> [Data records]:
(* Let $1<a_1<a_2$ be coprime integers and $S=\langle a_1,a_2\rangle$. For all $t\in(1,\infty)$, $\Delta_t(S)$ is dense in $[|a_1a_2P(t)|,a_2]$, i.e. $[|a_1a_2P(t)|,a_2]$ is contained in the closure of $\Delta_t(S)$.
   Context: $S=\{\lambda_1a_1+\lambda_2a_2:\lambda_1,\lambda_2\in\mathbb{N}_0\}$. For $t\in[1,\infty)$ and $(u,v)\in\mathbb{R}^2$, $\|(u,v)\|_t=(|u|^t+|v|^t)^{1/t}$. For $x\in S$, $Z(x)=\{(m,n)\in\mathbb{N}_0^2: ma_1+na_2=x\}$, $\mathscr{L}_t(x)=\{\|f\|_t: f\in Z(x)\}$, $\Delta_t(x)$ is the set of differences between consecutive elements of $\mathscr{L}_t(x)$ (in increasing order), and $\Delta_t(S)=\bigcup_{x\in S}\Delta_t(x)$. Define $\mu_t(r)=\left\|\left(\frac{1-r}{a_1},\frac{r}{a_2}\right)\right\|_t$ for $r\in[0,1]$, $r_0(t)=\min\{r\in[0,1]:\mu_t(r)=\frac{1}{a_2}\}$, and $P(t)=\mu_t'(r_0(t))$ (derivative in $r$). *)

From Stdlib Require Import Reals Lra Arith.
From Coquelicot Require Import Coquelicot.
Open Scope R_scope.

Definition rpow (x y : R) : R := if Rle_dec x 0 then 0 else Rpower x y.

Definition tnorm (t u v : R) : R :=
  rpow (rpow (Rabs u) t + rpow (Rabs v) t) (1 / t).

Definition inS (a1 a2 x : nat) : Prop :=
  exists l1 l2 : nat, x = (l1 * a1 + l2 * a2)%nat.

Definition factorization (a1 a2 x m n : nat) : Prop :=
  (m * a1 + n * a2)%nat = x.

Definition in_Lt (a1 a2 : nat) (t : R) (x : nat) (l : R) : Prop :=
  exists m n : nat, factorization a1 a2 x m n /\ l = tnorm t (INR m) (INR n).

Definition in_Delta_x (a1 a2 : nat) (t : R) (x : nat) (d : R) : Prop :=
  exists l1 l2 : R, in_Lt a1 a2 t x l1 /\ in_Lt a1 a2 t x l2 /\ l1 < l2 /\
    (forall l, in_Lt a1 a2 t x l -> ~ (l1 < l < l2)) /\ d = l2 - l1.

Definition in_Delta_S (a1 a2 : nat) (t : R) (d : R) : Prop :=
  exists x : nat, inS a1 a2 x /\ in_Delta_x a1 a2 t x d.

Definition mu (a1 a2 : nat) (t r : R) : R :=
  tnorm t ((1 - r) / INR a1) (r / INR a2).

> [Goal of the exercise]:
Wherever a line in the data above holds the word "exists", copy that line.

> [Result for this task]:
  exists l1 l2 : nat, x = (l1 * a1 + l2 * a2)%nat.
  exists m n : nat, factorization a1 a2 x m n /\ l = tnorm t (INR m) (INR n).
  exists l1 l2 : R, in_Lt a1 a2 t x l1 /\ in_Lt a1 a2 t x l2 /\ l1 < l2 /\
  exists x : nat, inS a1 a2 x /\ in_Delta_x a1 a2 t x d.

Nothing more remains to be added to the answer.